0

I ran into a surprising result when looking for an integer id number in a pandas column of integers where I knew the number was in the list. I've now boiled this down to a really simple test case that baffles me. I'm clearly missing something really obvious?!

Here is how I reproduced the problem:

import numpy as np
import pandas as pd

# Create two pandas objects; col_2 is an np.int64 
source_series_1 = pd.DataFrame({'col_1': ['a','b','c','d'], 'col_2':np.int64([1, 2, 3, 4])})
source_series_2 = pd.DataFrame({'col_1': ['a','b','c','d'], 'col_2':np.int64([101, 102, 103, 104])})

Now test membership in the these dfs:

# Test membership in pandas series
print(np.int64(2) in source_series_1.col_2)
print(np.int64(102) in source_series_2.col_2)

output:

True
False # ?!
# But! convert to a simple list...
print(np.int64(2) in list(source_series_1.col_2))  
print(np.int64(102) in list(source_series_2.col_2))

output:

True
True

I note I get the same output for both without the explicit cast:

print(2 in source_series_1.col_2) #True
print(102 in source_series_2.col_2) #False

There is clearly something incredibly simple going on that I am just missing/forgetting. I'd love to understand why source_series_2 fails the 'in' test?

2 Answers2

0

Well I think the issue here is with the internal working of the functions.

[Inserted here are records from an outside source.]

Lemma sqrt_exists : exists V : H -> H,
  [/\ linop V, op_bound ip V 4, (forall x y, ip (V x) y = ip x (V y)),
      (forall x, V (V x) = x - B x) &
      forall Kop M, linop Kop -> 0 <= M -> op_bound ip Kop M ->
        (forall x, Kop (B x) = B (Kop x)) -> forall x, Kop (V x) = V (Kop x)].
Proof.
exists (fun x => x - sqrt_lim x); split.
- by move=> c x y; rewrite sqrt_lim_linop scalerBr opprD addrACA.
- move=> x; rewrite (le_trans (nrm2D_le hH _ _)) // (nrm2N hH).
  by have := sqrt_lim_nrm2_le x; lra.
- by move=> x y; rewrite (ipBl hH) (ipBr hH) sqrt_lim_sa.
- move=> x; rewrite (linopB sqrt_lim_linop) -addrA -opprD addrA sqrt_lim_fix.
  by rewrite addrK.
- move=> Kop M linK M0 bK KB x.
  by rewrite (linopB linK) (sqrt_lim_comm linK M0 bK KB).
Qed.
End SquareRoot.

Section Polar.
Variable R : realType.
Local Notation C := R[i].
Variables (H : lmodType C) (ip : H -> H -> C).
Hypothesis hH : hilbert_space ip.
Local Notation nrm2 := (nrm2 ip).
Local Notation nrm := (nrm ip).

Variables (T S T' S' : H -> H).
Hypotheses (bT : bounded_op ip T) (bS : bounded_op ip S).
Hypotheses (TK : cancel T S) (SK : cancel S T).
Hypothesis T_adj : forall x y, ip (T x) y = ip x (T' y).
Hypothesis S_adj : forall x y, ip (S x) y = ip x (S' y).
Hypothesis T_le1 : op_bound ip T 1.

Definition gram x := T' (T x).
Definition gram_inv x := S (S' x).

Lemma gram_linop : linop gram.
Proof. by apply: linop_comp; [exact: adjoint_linop T_adj | case: bT]. Qed.

Lemma ip_gram x y : ip x (gram y) = ip (T x) (T y).
Proof. by rewrite T_adj. Qed.

Lemma gramK : cancel gram_inv gram.
Proof. by move=> x; apply: (ip_ext hH) => y; rewrite ip_gram /gram_inv SK -S_adj TK. Qed.

Lemma gram_invK : cancel gram gram_inv.
Proof.
move=> x; apply/eqP; rewrite -subr_eq0; apply/eqP/(nrm2_eq0 hH).
set y := _ - x; have gy : gram y = 0 by rewrite (linopB gram_linop) gramK subrr.
have := ip_gram y y; rewrite gy (ip0r hH) (ip_nrm2 hH) => /esym/complexI/(nrm2_eq0 hH) Ty.
by rewrite -(TK y) Ty (linop0 (proj1 bS)) (nrm20 hH).
Qed.

(* [T^-1] bounded by [K] gives [|T x|^2 >= |x|^2 / (K + 1)], hence [0 <= 1 - T^*T <= q < 1]. *)
Lemma gram_defect_le : exists2 q : R, 0 <= q < 1 &
  forall x, nrm2 (x - gram x) <= q * nrm2 x.
Proof.
have [linS [K K0 bS']] := bounded_opP hH bS.
have K1_gt0 : 0 < K + 1 by lra.
have iK1_gt0 : 0 < (K + 1)^-1 by rewrite invr_gt0.
have iK1_le1 : (K + 1)^-1 <= 1 by rewrite invf_le1 //; lra.
exists (1 - (K + 1)^-1); first by apply/andP; split; lra.
move=> x; rewrite (nrm2B hH) ip_gram (ip_nrm2 hH) /=.
have Px_le : nrm2 (gram x) <= nrm2 (T x).
  by rewrite (le_trans (adjoint_op_bound hH T_adj ler01 T_le1 _)) ?mul1r.
have Tx_ge : (K + 1)^-1 * nrm2 x <= nrm2 (T x).
  rewrite ler_pdivrMl // (le_trans _ (_ : K * nrm2 (T x) <= _)) //.
    by rewrite -{1}(TK x) bS'.
  by rewrite ler_wpM2r ?(nrm2_ge0 hH) ?lerDl.
lra.
Qed.

Lemma gram_sa x y : ip (gram x) y = ip x (gram y).
Proof. by rewrite ip_gram (ipC hH) ip_gram -(ipC hH). Qed.

Lemma abs_exists : exists V : H -> H,
  [/\ linop V, op_bound ip V 4, (forall x y, ip (V x) y = ip x (V y)),
      (forall x, V (V x) = gram x) &
      forall Kop M, linop Kop -> 0 <= M -> op_bound ip Kop M ->
        (forall x, Kop (gram x) = gram (Kop x)) -> forall x, Kop (V x) = V (Kop x)].
Proof.
have [q /andP[q0 q1] defect_le] := gram_defect_le.
have linB : linop (fun x => x - gram x).
  by move=> c x y; rewrite gram_linop scalerBr opprD addrACA.
have B_sa x y : ip (x - gram x) y = ip x (y - gram y).
  by rewrite (ipBl hH) (ipBr hH) gram_sa.
have rho01 : 0 <= Num.sqrt q < 1 by rewrite sqrtr_ge0 /= -sqrtr1 ltr_sqrt ?ltr01.
have B_le x : nrm (x - gram x) <= Num.sqrt q * nrm x by apply/nrm_le_sqrt/defect_le.
have [V [linV bV V_sa VV V_comm]] := sqrt_exists hH linB B_sa rho01 B_le.
exists V; split => //; first by move=> x; rewrite VV subKr.
move=> Kop M linK M0 bK K_gram.
have B_comm x : Kop (x - gram x) = Kop x - gram (Kop x) by rewrite (linopB linK) K_gram.
exact: V_comm linK M0 bK B_comm.
Qed.

(* [U = |T| T^-1] is unitary since [U^* U = T^-* T^* T T^-1 = 1], and
   [U^* K U = T^-* |T| K |T| T^-1 = T K T^-1] when [K] commutes with [T^* T]. *)
Lemma polar_unitary : exists U, unitary_op ip U /\
  forall Kop, bounded_op ip Kop -> (forall x, Kop (gram x) = gram (Kop x)) ->
    forall h k, ip (U h) (Kop (U k)) = ip h (T (Kop (S k))).
Proof.
have [V [linV bV V_sa VV V_comm]] := abs_exists.
have [linS [K K0 bS']] := bounded_opP hH bS; have [linT [MT MT0 bT']] := bounded_opP hH bT.
have linGi : linop gram_inv := linop_comp linS (adjoint_linop hH S_adj).
have bGi : op_bound ip gram_inv (K * K).
  exact: op_bound_comp K0 bS' (adjoint_op_bound hH S_adj K0 bS').
have Gi_gram x : gram_inv (gram x) = gram (gram_inv x) by rewrite gram_invK gramK.
have V_gram_inv := V_comm _ _ linGi (mulr_ge0 K0 K0) bGi Gi_gram.
pose W := V \o gram_inv.
have VW x : V (W x) = x by rewrite /W /= VV gramK.
have WV x : W (V x) = x by rewrite /W /= -V_gram_inv VV gram_invK.
have four_ge0 : 0 <= 4 :> R by [].
exists (V \o S); split.
  split.
    apply: (bounded_opI hH (M := 4 * K)); first exact: linop_comp.
      exact: mulr_ge0.
    exact: op_bound_comp.
  exists (T \o W); split => [|h k /=|h /=|k /=].
  - apply: (bounded_opI hH (M := MT * (4 * (K * K)))).
    + by apply: linop_comp => //; apply: linop_comp.
    + by rewrite !mulr_ge0.
    + by apply: op_bound_comp => //; apply: op_bound_comp.
  - by rewrite V_sa -{1}(VW k) VV ip_gram SK.
  - by rewrite WV SK.
  - by rewrite TK VW.
move=> Kop bK K_gram h k /=; have [linK [M M0 bK']] := bounded_opP hH bK.
by rewrite V_sa (V_comm _ _ linK M0 bK' K_gram) VV ip_gram SK.
Qed.
End Polar.

Theorem corollary3p9 (R : realType) (d : measure_display)
  (X : measurableType d) (A : algType R[i]) (star : A -> A)
  (nA : A -> R[i]) (H : lmodType R[i]) (ip : H -> H -> R[i])
  (hA : unital_Cstar_algebra star nA) (hH : hilbert_space ip)
  (I : set X -> A -> H -> H) :
  spectral_instrument star ip I -> Cstar_extreme star ip I.
Proof.
move=> spectral_I n T J T_inv UCP_J sum_TT I_decomp.
suff U_i i : exists U, unitary_op ip U /\ forall E, measurable E ->
    forall a h k, ip h (J i E a k) = ip (U h) (I E a (U k)).
  by exists (fun i => sval (cid (U_i i))) => i; exact: svalP (cid (U_i i)).
have [bT [S [bS [TK SK]]]] := T_inv i.
have [linT [MT _ bT']] := bounded_opP hH bT; have [linS [MS _ bS']] := bounded_opP hH bS.
have [T' T_adj] := adjoint_exists hH linT bT'; have [S' S_adj] := adjoint_exists hH linS bS'.
have [U [U_unitary U_conj]] := polar_unitary hH bT bS TK SK T_adj S_adj
  (sum_TT_contraction hH sum_TT i).
exists U; split => // E mE a h k.
have [_ /(_ E mE) [_ /(_ a) bIa _ _]] := spectral_I.
have I_gram := instrument_gram_comm hA hH spectral_I UCP_J sum_TT I_decomp mE T_adj a.
rewrite (U_conj _ bIa I_gram).
by rewrite -{1}(SK k) (instrument_intertwine hA hH spectral_I UCP_J sum_TT I_decomp).
Qed.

print(np.int64(2) in source_series_1.col_2)
print(np.int64(102) in source_series_2.col_2)

This looks at the index of the DataFrame/Series (source_series_1.col_2 or source_series_2.col_2) in your case.

Where as

print(np.int64(2) in list(source_series_1.col_2))  
print(np.int64(102) in list(source_series_2.col_2))

is explicitly list search in the values as there is no Index.

How I reached on this conclusion is that if you search for

print(np.int64(2) in source_series_1.col_2)
print(np.int64(2) in source_series_2.col_2)

You'll get

True
True

I hope this helps !

Amit Gupta
  • 2,698
  • 4
  • 24
  • 37
  • Ideally this should have raised the out of index error in the 1st case but I think it is not happening. – Amit Gupta Jun 18 '21 at 17:29
  • 1
    Ahah. I never realized it was actually looking at the index. This makes great sense. Can also fix it simply by: `print(np.int64(102) in source_series_2.col_2.values)`. This really helps. – Lawrence LaPointe Jun 18 '21 at 17:42
  • Thanks @Amit Gupta. I knew it was something simple! "in" looks at the index not at the values. Onward. Also worth mentioning that `someseries.isin(target)` would be another way to solve the problem but wanted to understand why the simple case wasn't working. – Lawrence LaPointe Jun 18 '21 at 17:47
  • Yes, I also learned a good thing from this. it was really obvious but never observed. – Amit Gupta Jun 18 '21 at 17:48
0

pd.Series is not meant to work this way with the 'in' operator. For example: This works but it doesnt make sense right?

np.int64(1) in source_series_2.col_2
>>>True
np.int64(2) in source_series_2.col_2
>>>True

But if you look at the actual implementation of what you need to do, you can use this because it does an actual match on the elements.

getattr(source_series_2.col_2,'__eq__')(101)

Output:

0     True
1    False
2    False
3    False
Name: col_2, dtype: bool
Red
  • 110
  • 1
  • 9